TL;DR: Gradient-based BFN for targeted drug design
Abstract: Structure-based molecule optimization (SBMO) aims to optimize molecules with both continuous coordinates and discrete types against protein targets.
A promising direction is to exert gradient guidance on generative models given its remarkable success in images, but it is challenging to guide discrete data and risks inconsistencies between modalities.
To this end, we leverage a continuous and differentiable space derived through Bayesian inference, presenting Molecule Joint Optimization (MolJO), the gradient-based SBMO framework that facilitates joint guidance signals across different modalities while preserving SE(3)-equivariance.
We introduce a novel backward correction strategy that optimizes within a sliding window of the past histories, allowing for a seamless trade-off between explore-and-exploit during optimization.

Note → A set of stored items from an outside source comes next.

(* Every nonempty saturated subspace of an $S^{\ast}$-well-filtered space is $S^{\ast}$-well-filtered.
   Context: All spaces are $T_0$. The specialization order of $X$ is given by $x\le y$ iff $x\in cl(\{y\})$; ${\uparrow}$ is taken with respect to it; a subset is saturated if it equals the intersection of all open sets containing it (equivalently, it is an upper set in the specialization order). $K(X)$ denotes the set of all nonempty compact saturated subsets of $X$; a family in $K(X)$ is filtered if any two members contain a common member. $X$ is $S^{\ast}$-well-filtered if for every filtered family $\{K_i\mid i\in I\}\subseteq K(X)$, every $G\in K(X)$ and every nonempty open $U$, $\bigcap_{i\in I}K_i\cap G\subseteq U$ implies $K_i\cap G\subseteq U$ for some $i$. *)

From HB Require Import structures.
From mathcomp Require Import all_boot all_order all_algebra.
From mathcomp Require Import all_classical all_reals all_analysis.
Set Implicit Arguments. Unset Strict Implicit. Unset Printing Implicit Defensive.
Local Open Scope classical_set_scope.

Section Defs.
Context {T : topologicalType}.

Definition spec_le (x y : T) : Prop := closure [set y] x.

Definition saturated (A : set T) : Prop :=
  A = \bigcap_(U in [set U : set T | open U /\ A `<=` U]) U.

Definition KX (K : set T) : Prop := K !=set0 /\ compact K /\ saturated K.

Definition filtered_family (I : Type) (K : I -> set T) : Prop :=
  inhabited I /\ (forall i, KX (K i)) /\
  (forall i j, exists k, K k `<=` K i /\ K k `<=` K j).

End Defs.

Definition S_star_well_filtered (X : topologicalType) : Prop :=
  forall (I : Type) (K : I -> set X) (G U : set X),
    filtered_family K -> KX G -> open U -> U !=set0 ->
    (\bigcap_i K i) `&` G `<=` U -> exists i, K i `&` G `<=` U.

From HB Require Import structures.
From mathcomp Require Import all_boot all_order all_algebra.
From mathcomp Require Import all_classical all_reals all_analysis.
Local Open Scope classical_set_scope.

(* Push every datum of the subspace Y = A into X by taking the saturation of
   its image.  Compactness, nonemptiness and filteredness survive, so the
   S*-well-filteredness of X applies.  Since A is saturated, the saturations
   stay inside A, and since the open and the compact saturated sets of Y are
   traces of those of X, the resulting inclusion pulls back to Y. *)

Section Saturation.
Variable T : topologicalType.

Definition saturation (B : set T) : set T :=
  \bigcap_(U in [set U : set T | open U /\ B `<=` U]) U.

Lemma subset_saturation (B : set T) : B `<=` saturation B.
Proof. by move=> x Bx U [_ BU]; exact: BU. Qed.

Lemma saturation_min (B U : set T) : open U -> B `<=` U -> saturation B `<=` U.
Proof. by move=> oU BU x; apply. Qed.

Lemma saturation_subset (B C : set T) : B `<=` C -> saturation B `<=` saturation C.
Proof. by move=> BC x Bx U [oU CU]; apply: Bx; split => // y /BC /CU. Qed.

Lemma saturated_saturation (B : set T) : saturated (saturation B).
Proof.
apply/seteqP; split; first by move=> x Bx U [_ BU]; exact: BU.
by move=> x Bx U [oU BU]; apply: Bx; split => //; exact: saturation_min.
Qed.

(* [K] meets the cluster set of every proper filter containing [saturation K]:
   otherwise, by near covering, eventually [K] misses the closure of [i], and
   the open complement of that closure excludes [i] from [saturation K]. *)
Lemma compact_saturation (K : set T) : compact K -> compact (saturation K).
Proof.
move=> /compact_near_coveringP cK F PF FsatK.
suff [x [Kx Fx]] : K `&` cluster F !=set0.
  by exists x; split => //; exact: subset_saturation.
apply: contrapT => noclust.
have far x : K x -> \forall x' \near x & i \near F, ~ closure [set i] x'.
  move=> Kx; have : ~ cluster F x by move=> Fx; apply: noclust; exists x.
  move=> /existsNP [B /existsNP [U /not_implyP [FB /not_implyP [Ux BU0]]]].
  exists (U°, B) => [|[x' i] [/= Ux' Bi] cli]; first by split=> //; exact: nbhs_interior.
  have [_ [/= -> Ui]] := cli U° (open_nbhs_nbhs (conj (@open_interior _ U) Ux')).
  by apply: BU0; exists i; split => //; exact: interior_subset.
have [i [satKi Kfar]] := filter_ex (filterI FsatK (cK _ F _ PF far)).
have := saturation_min _ _ (closed_openC (@closed_closure _ [set i])) Kfar i satKi.
by apply; exact: subset_closure.
Qed.

End Saturation.
Arguments saturation {T} B.

Section SaturatedImage.
Context {Y X : topologicalType} {f : Y -> X}.
Hypothesis cont_f : continuous f.

Lemma KX_saturation_image (K : set Y) : KX K -> KX (saturation (f @` K)).
Proof.
move=> [[y Ky] [cK _]]; split; last split.
- by exists (f y); apply: subset_saturation; exists y.
- by apply/compact_saturation/continuous_compact => //; exact: continuous_subspaceT.
- exact: saturated_saturation.
Qed.

Lemma filtered_family_saturation_image (I : Type) (K : I -> set Y) :
  filtered_family K -> filtered_family (fun i => saturation (f @` K i)).
Proof.
move=> [inhI [KK Kfilt]]; split; first exact: inhI.
split=> [i|i j]; first exact: KX_saturation_image.
have [k [ki kj]] := Kfilt i j; exists k.
by split; apply: saturation_subset; exact: image_subset.
Qed.

End SaturatedImage.

Section Subspace.
Context {X : topologicalType} {A : set X}.
Local Notation Y := (set_type A).

Lemma continuous_set_val : continuous (set_val : Y -> X).
Proof. exact: (@initial_continuous Y X set_val). Qed.

Lemma saturation_val_subset (B : set Y) :
  saturated A -> saturation (set_val @` B) `<=` A.
Proof.
move=> sA; rewrite [Z in _ `<=` Z]sA.
by apply: saturation_subset => _ [y _ <-]; exact: set_valP.
Qed.

Lemma saturated_val (K : set Y) (y : Y) : saturated K ->
  saturation (set_val @` K) (set_val y) -> K y.
Proof.
move=> sK Ky; rewrite sK => _ [[V oV <-] KV]; apply: Ky; split => //.
by move=> _ [z Kz <-]; exact: KV.
Qed.

End Subspace.

Theorem mainTheorem15 (X : topologicalType) (A : set X) :
  kolmogorov_space X -> S_star_well_filtered X ->
  A !=set0 -> saturated A ->
  S_star_well_filtered (set_type A).
Proof.
move=> _ swfX _ sA I K G U famK KG [V oV <-] [u Uu] KGU.
have [||||i KGiV] := swfX I (fun i => saturation (set_val @` K i))
  (saturation (set_val @` G)) V _ _ oV.
- exact: (filtered_family_saturation_image continuous_set_val).
- exact: (KX_saturation_image continuous_set_val).
- by exists (set_val u).
- move=> x [xK xG].
  pose y : set_type A := exist _ x (mem_set (saturation_val_subset G sA x xG)).
  have [_ [_ sG]] := KG.
  apply: (KGU y); split; last exact (saturated_val _ y sG xG).
  move=> i _; have [_ [_ sKi]] := famK.2.1 i.
  exact (saturated_val _ y sKi (xK i Logic.I)).
- exists i => y [Ky Gy]; apply: KGiV.
  by split; apply: subset_saturation; exists y.
Qed.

MolJO achieves state-of-the-art performance on CrossDocked2020 benchmark (Success Rate 51.3\%, Vina Dock -9.05 and SA 0.78), more than 4x improvement in Success Rate compared to the gradient-based counterpart, and 2x ``Me-Better'' Ratio as much as 3D baselines.
Furthermore, we extend MolJO to a wide range of optimization settings, including multi-objective optimization and challenging tasks in drug design such as R-group optimization and scaffold hopping, further underscoring its versatility.
Code is available at https://github.com/AlgoMole/MolCRAFT.
Lay Summary: **Problem**: Designing molecules for new drugs is challenging because we need to optimize both the molecule’s shape (where atoms are positioned, continuous) and their chemical components (what types of atoms to use, discrete). Traditional approaches struggle to effectively and smoothly guide both aspects together.
**Solution**: We developed MolJO, a framework that creates a unified, flexible “workspace” where a molecule’s 3D structure and chemical parts can be optimized together. Think of it as a molecular sculptor that adjusts both the sculpture’s shape and material in real time. A novel “memory window” technique balances exploring new designs and refining existing ones.
**Impact**:
- 4× better success rate than previous gradient-based methods (51.3%).
- Produces molecules with stronger binding (-9.05 docking score) and safer chemical profiles (SA score 0.78).
- Adapts to practical tasks like R-group design and scaffold hopping.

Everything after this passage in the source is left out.